Hi Simon - thanks for your personal reply!
I’m never quite sure how to deal with these kinds of responses. One the one hand, I have first-hand experience of sitting inside Atlassian Offices, many times, observing abject staff disregard for security. I’ve had forum posts deleted to hide security your problems, I’ve observed YEARS of customer complaints across forums begging you to add security, while at the same time had your company refuse to even look at my own product which immediately solved those problems that all your users were calling out for. Time and time again, nothing I can say or do convinces anyone in Atlassian to fix security problems, or to look at security products, or to make my on-prem Atlassian security add-in available to your cloud users, or even to make minor security-enhancing adjustments to allow vastly improved security options for your users. This is not opinion or rumor or heresay - this is my own personal first-hand observation. Atlassian treats security vendors as “the enemy”, and does everything in its power to stay away from us. To be fair - “Vendor Bashing” is a global problem, but, given that you’re Australian, I’m Australian, and your own CISO at the time was a huge Aussie-Backer - it’s especially saddening.

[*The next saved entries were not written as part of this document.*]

(* Let $0\leq\beta<\frac{\sqrt{2}-1}{2\sqrt{2}-1}$. There is a constant $C_\beta$, depending only on $\beta$, such that for all distributions $P\neq Q$, all $\delta\in(0,1)$ and all $n\geq C_\beta\log(1/\delta)/\mathrm{H}^2(P,Q)$ the following holds for every distribution $R$, with $X_1,\dots,X_n$ i.i.d. from $R$. If $R$ satisfies any one of $$\mathrm{H}(P,R)\leq\beta\,\mathrm{H}(P,Q),\quad \mathrm{TV}(P,R)\leq\beta^2\mathrm{H}^2(P,Q),\quad \mathrm{KL}(P,R)\leq 2\beta^2\mathrm{H}^2(P,Q),\quad \mathrm{KL}(R,P)\leq 2\beta^2\mathrm{H}^2(P,Q),$$ then \textsc{HellingerTest} outputs $\mathcal{H}_0$ with probability at least $1-\delta$. Symmetrically, if $R$ satisfies any one of the same four conditions with $P$ replaced by $Q$ (and $\mathrm{H}(P,Q)$ unchanged), then \textsc{HellingerTest} outputs $\mathcal{H}_1$ with probability at least $1-\delta$.
   Context: Distributions $P,Q,R$ are probability distributions on a measurable space $\mathcal{X}$, identified with their densities with respect to a common $\sigma$-finite reference measure $\mu$. All integrals and norms are taken with respect to $\mu$. The Hellinger distance is $\mathrm{H}(P,Q)=\frac{1}{\sqrt{2}}\|\sqrt{P}-\sqrt{Q}\|_2$. The total variation distance is $\mathrm{TV}(P,Q)=\frac12\|P-Q\|_1$. The KL divergence is $\mathrm{KL}(P,R)=\int P\log\frac{P}{R}\,d\mu$ (natural logarithm). For a sample $X^n=(X_1,\dots,X_n)$, the test statistic is $$\mathrm{T}(P,Q,X^n)=\frac{1}{n}\sum_{i=1}^n \frac{P(X_i)-Q(X_i)}{P(X_i)+Q(X_i)},$$ where a summand is interpreted as $0$ whenever $P(X_i)+Q(X_i)=0$. \textsc{HellingerTest} outputs $\mathcal{H}_0$ if $\mathrm{T}(P,Q,X^n)>0$, outputs $\mathcal{H}_1$ if $\mathrm{T}(P,Q,X^n)<0$, and breaks ties uniformly at random. *)

From HB Require Import structures.
From mathcomp Require Import all_boot all_order all_algebra.
From mathcomp Require Import all_classical all_reals all_analysis.
Set Implicit Arguments. Unset Strict Implicit. Unset Printing Implicit Defensive.
Import Order.TTheory GRing.Theory Num.Theory.
Import numFieldNormedType.Exports.
Local Open Scope classical_set_scope.
Local Open Scope ring_scope.

Section defs.
Context {R : realType} {d : measure_display} {T : measurableType d}.
Variable mu : {measure set T -> \bar R}.

Definition is_density (p : T -> R) : Prop :=
  [/\ measurable_fun setT p, (forall x, 0 <= p x) &
      (\int[mu]_x (p x)%:E = 1)%E].

Definition distr_neq (p q : T -> R) : Prop :=
  exists A, measurable A /\
    (\int[mu]_(x in A) (p x)%:E <> \int[mu]_(x in A) (q x)%:E)%E.

Definition hellinger (p q : T -> R) : R :=
  (Num.sqrt 2)^-1 *
  Num.sqrt (fine (\int[mu]_x ((Num.sqrt (p x) - Num.sqrt (q x)) ^+ 2)%:E)).
Lemma coprod_incl (A A1 A2 : xobj) :
  A.1 = A1.1 `|` A2.1 -> A.2 = A1.2 `|` A2.2 ->
  [disjoint A1.1 & A2.1] -> [disjoint A1.2 & A2.2] ->
  coprod (incl A1 A) (incl A2 A).
Proof.
move=> E1 E2 /fdisjointP d1 /fdisjointP d2 D f1 f2.
have s1 x : x \in A1.1 -> x \in A.1 by rewrite E1 inE => ->.
have s2 x : x \in A2.1 -> x \in A.1 by rewrite E1 inE => ->; rewrite orbT.
have t1 y : y \in A1.2 -> y \in A.2 by rewrite E2 inE => ->.
have t2 y : y \in A2.2 -> y \in A.2 by rewrite E2 inE => ->; rewrite orbT.
split.
- exists (free_rhom A (xW_rep D)
    (fun x => if x \in A1.1 then (proj1_sig f1).1 (ix A1 x) else (proj1_sig f2).1 (ix A2 x))
    (fun y => if y \in A1.2 then (proj1_sig f1).2 (iy A1 y) else (proj1_sig f2).2 (iy A2 y))).
  split; apply: (free_rhom_eq (xW_rep D)) => /=.
  + by move=> x xA; rewrite free_rhom_x // free_rhom_x ?s1 // xA.
  + by move=> y yA; rewrite free_rhom_y // free_rhom_y ?t1 // yA.
  + by move=> x xA; rewrite free_rhom_x // free_rhom_x ?s2 // (negbTE (contra (d1 x) _)) // negbK.
  + by move=> y yA; rewrite free_rhom_y // free_rhom_y ?t2 // (negbTE (contra (d2 y) _)) // negbK.
- move=> h h' e1 e2; apply: (free_rhom_eq (xW_rep D)).
  + move=> x; rewrite E1 inE => /orP [xA|xA].
    * have := congr1 (fun r => (proj1_sig r).1 (ix A1 x)) e1 => /=.
      by rewrite free_rhom_x.
    * have := congr1 (fun r => (proj1_sig r).1 (ix A2 x)) e2 => /=.
      by rewrite free_rhom_x.
  + move=> y; rewrite E2 inE => /orP [yA|yA].
    * have := congr1 (fun r => (proj1_sig r).2 (iy A1 y)) e1 => /=.
      by rewrite free_rhom_y.
    * have := congr1 (fun r => (proj1_sig r).2 (iy A2 y)) e2 => /=.
      by rewrite free_rhom_y.
Qed.
Lemma sqnorm_gs_projB v n m : (n <= m)%N ->
  sqnorm ip (gs_proj v m - gs_proj v n) =
  sqnorm ip (gs_proj v m) - sqnorm ip (gs_proj v n).
Proof.
move=> nm; apply/eqP; rewrite eq_sym subr_eq.
rewrite -{1}[gs_proj v m](subrK (gs_proj v n)) (sqnormD_orth ip_inner) //.
apply: ip_gs_proj_orth => k kn; rewrite (ipBl ip_inner).
by rewrite !ip_gs_proj_gs ?subrr // (leq_trans kn nm).
Qed.

Lemma gs_span n : span_seq phi (gs n).
Proof.
elim/ltn_ind: n => n IHn; rewrite gsE -scaleN1r.
apply: span_seqD; first exact: span_seq_mem.
by apply: span_seqZ; apply: span_seq_sum => k _; apply/span_seqZ/IHn.
Qed.

Lemma orth_gs_orth z : (forall j, ip z (gs j) = 0) -> forall n, ip z (phi n) = 0.
Proof.
move=> z_orth n.
rewrite -[phi n](subrK (\sum_(j < n) proj_coef (phi n) (gs j) *: gs j)) -gsE.
rewrite (ipDr ip_inner) z_orth add0r (ip_sumr ip_inner) big1 // => k _.
by rewrite (ipZr ip_inner) z_orth mulr0.
Qed.

End GramSchmidt.

Section TotalSequence.
Variables (R : realType) (V : lmodType R[i]) (ip : V -> V -> R[i]).
Hypotheses (ip_inner : is_inner_product ip) (ip_complete : hcomplete ip).
Variable phi : nat -> V.
(* For |J| = 2 with points x, y, let G be the first two columns of s(J).  As
   s(J) maps R_J onto J, the columns of G scaled by q_1(J) and q_2(J) are x + y
   and +-(x - y).  Now rho(A diag(a, b)) w_k = a^c_1(k) b^c_2(k) rho(A) w_k and
   c_2(k) is even, so the factor q_1^c_1(k) q_2^c_2(k) of xi cancels this
   scaling and psi(J)(gamma) = <x,y>^j rho(omega gamma (x + y, x - y)) w_k,
   which is polynomial in gamma, x, y; the choice of section and the square
   roots have disappeared.  For |J| = 1 the first column of G is x and only
   that column matters (lambda_2 = k = 0); for J empty psi is constant.
   Finally <w, _> conjugates coefficients only, the variables being real. *)

Section PolynomialFunction.
Variables (C : comNzRingType) (N : nat) (T : Type) (v : T -> 'I_N -> C).

Definition polyfun (f : T -> C) := exists P : {mpoly C[N]}, forall t, f t = P.@[v t].

Lemma eq_polyfun f g : polyfun f -> f =1 g -> polyfun g.
Proof. by move=> [P fP] fg; exists P => t; rewrite -fg. Qed.

Lemma polyfun_cst c : polyfun (fun=> c).
Proof. by exists c%:MP => t; rewrite mevalC. Qed.

Lemma polyfun_var a : polyfun (v^~ a).
Proof. by exists 'X_a => t; rewrite mevalXU. Qed.

Lemma polyfunD f g : polyfun f -> polyfun g -> polyfun (fun t => f t + g t).
Proof. by move=> [P fP] [Q gQ]; exists (P + Q) => t; rewrite mevalD fP gQ. Qed.

Lemma polyfunM f g : polyfun f -> polyfun g -> polyfun (fun t => f t * g t).
Proof. by move=> [P fP] [Q gQ]; exists (P * Q) => t; rewrite mevalM fP gQ. Qed.

Lemma polyfunX f e : polyfun f -> polyfun (fun t => f t ^+ e).
Proof.
move=> pf; elim: e => [|e IHe].
  by apply: (eq_polyfun (polyfun_cst 1)) => t; rewrite expr0.
by apply: (eq_polyfun (polyfunM pf IHe)) => t; rewrite exprS.
Qed.

Lemma polyfun_sum I (r : seq I) (P : pred I) (F : I -> T -> C) :
  (forall a, polyfun (F a)) -> polyfun (fun t => \sum_(a <- r | P a) F a t).
Proof.
move=> pF; elim: r => [|a r IHr].
  by apply: (eq_polyfun (polyfun_cst 0)) => t; rewrite big_nil.
case: (boolP (P a)) => [Pa | nPa].
  by apply: (eq_polyfun (polyfunD (pF a) IHr)) => t; rewrite big_cons Pa.
by apply: (eq_polyfun IHr) => t; rewrite big_cons (negPf nPa).
Qed.

Lemma polyfun_prod I (r : seq I) (P : pred I) (F : I -> T -> C) :
  (forall a, polyfun (F a)) -> polyfun (fun t => \prod_(a <- r | P a) F a t).
Proof.
move=> pF; elim: r => [|a r IHr].
  by apply: (eq_polyfun (polyfun_cst 1)) => t; rewrite big_nil.
case: (boolP (P a)) => [Pa | nPa].
  by apply: (eq_polyfun (polyfunM (pF a) IHr)) => t; rewrite big_cons Pa.
by apply: (eq_polyfun IHr) => t; rewrite big_cons (negPf nPa).
Qed.

Lemma polyfun_rmorph (phi : {rmorphism C -> C}) f :
  (forall t a, phi (v t a) = v t a) -> polyfun f -> polyfun (phi \o f).
Proof.
move=> phi_v [P fP]; exists (\sum_(m <- msupp P) phi P@_m *: 'X_[m]) => t.
rewrite /= fP mevalE !rmorph_sum; apply: eq_bigr => m _ /=.
rewrite mevalZ mevalX !rmorphM rmorph_prod; congr (_ * _).
by apply: eq_bigr => a _; rewrite rmorphXn phi_v.
Qed.

Definition polyfun_mx p q (M : T -> 'M[C]_(p, q)) :=
  forall a b, polyfun (fun t => M t a b).

Lemma polyfun_mx_cst p q (M : 'M[C]_(p, q)) : polyfun_mx (fun=> M).
Proof. by move=> a b; apply: polyfun_cst. Qed.

Lemma polyfun_mulmx p q r (A : T -> 'M[C]_(p, q)) (B : T -> 'M[C]_(q, r)) :
  polyfun_mx A -> polyfun_mx B -> polyfun_mx (fun t => A t *m B t).
Proof.
move=> pA pB a b; apply: (eq_polyfun (polyfun_sum _ _ (fun c => polyfunM (pA a c) (pB c b)))).
by move=> t; rewrite mxE.
Qed.
(* Let $d = 2$ and $n \ge 1$. Every generalized epistemic state $(V,\vec v)$ on $n$ elementary systems has a corresponding toy stabilizer state, and every toy stabilizer state $\mathcal{S}$ on $n$ elementary systems has a corresponding generalized epistemic state. Furthermore, if the observables $\vec f, \vec g \in \mathbb{Z}_2^{2n}$ correspond to the toy Pauli operators $g', g''$ respectively, then $\vec f + \vec g$ corresponds to $g' g''$.
   Context: Generalized formalism ($d=2$): phase space $\Omega = \mathbb{Z}_2^{2n}$ with coordinates $\vec m = (q_1,p_1,\dots,q_n,p_n)^T$. An observable (quadrature variable) is a vector $\vec f \in \Omega$, evaluated on $\vec m$ as $\vec f^T \vec m \bmod 2$. The symplectic form is $\langle \vec f, \vec g\rangle = \sum_{i=1}^n (f_{2i-1} g_{2i} - f_{2i} g_{2i-1}) \bmod 2$; $\vec f,\vec g$ commute if $\langle \vec f,\vec g\rangle = 0$. A subspace $V\subseteq\Omega$ is isotropic if all its elements pairwise commute. A generalized epistemic state is a pair $(V,\vec v)$ with $V$ isotropic and $\vec v\in\Omega$ (valuation vector). Toy stabilizer formalism: let $\mathcal{X} = \mathrm{diag}(1,-1,1,-1)$, $\mathcal{Y} = \mathrm{diag}(1,-1,-1,1)$, $\mathcal{Z} = \mathrm{diag}(1,1,-1,-1)$ (so $\mathcal Y = \mathcal Z\mathcal X$), and the toy Pauli group $G_n = \{\alpha\, p_1\otimes\cdots\otimes p_n : p_i \in \{\mathbb{1}_4,\mathcal X,\mathcal Y,\mathcal Z\}, \alpha\in\{\pm1\}\}$, generated by $-\mathbb 1$ and $\mathcal X_k,\mathcal Z_k$ (acting as $\mathcal X,\mathcal Z$ on the $k$-th factor). Let $m: G_n \to P_n$ be the group homomorphism into the $n$-qubit Pauli group with $m(\mathcal X_k) = X_k$, $m(\mathcal Z_k) = Z_k$, $m(-\mathbb 1) = -\mathbb 1$; two elements $g,h\in G_n$ ''commute'' if $m(g)$ and $m(h)$ commute. A toy stabilizer state is a subgroup $\mathcal S\le G_n$ whose elements pairwise ''commute'' and which does not contain $-\mathbb 1$. Correspondence: an observable $\vec f$ corresponds to a toy Pauli operator $g = \alpha p_1\otimes\cdots\otimes p_n$ (with any $\alpha\in\{\pm 1\}$) if for each $j$: $(f_{2j-1},f_{2j}) = (0,0) \iff p_j = \mathbb 1$, $(0,1)\iff p_j = \mathcal Z$, $(1,0)\iff p_j=\mathcal X$, $(1,1)\iff p_j = \mathcal Y$. A stabilizer state $\mathcal S$ corresponds to a generalized state $(V,\vec v)$ (and vice versa) iff for each $\vec f\in V$ there is a corresponding $g = \alpha p_1\otimes\cdots\otimes p_n \in \mathcal S$ with $\alpha = (-1)^{\vec f^T \vec v}$. *)

From HB Require Import structures.
From mathcomp Require Import all_boot all_order all_algebra.
From mathcomp Require Import zify.
Set Implicit Arguments. Unset Strict Implicit. Unset Printing Implicit Defensive.
Import GRing.Theory.
Local Open Scope ring_scope.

And then, on the other hand, you say “This isn’t PR” and then post 2 links to PR web pages that I know for certain are a huge misrepresentation of how your staff really behave when the PR folk leave the room.
I spent so much time banging my head against the Atlassian wall, that in the end I just gave up.
I am firmly of the belief that it should NOT be the job of the Vendor to sell you security that you need. It SHOULD BE YOUR JOB to find the most-secure contemporary solutions that adequately protect your users. Unfortunately we don’t see this taking place. e.g. you’d rather use OTP tech from 1984 without paying any attention to its lack of efficacy in 2020, because “that’s what everyone else is doing”. The very idea of getting something that works, even when vendors are slapping you in the face with amazing new products, doesn’t even cross your mind.
Security Culture takes more than a warm fuzzy PR web page - it takes meaningful action, and the courage to think for yourself and work out what is secure and why and how, instead of just copying everyone else. You’ve seen the charts, right? Global security is continually getting worse. You can’t turn that around by copying other people, you need to think, test, and do stuff that works.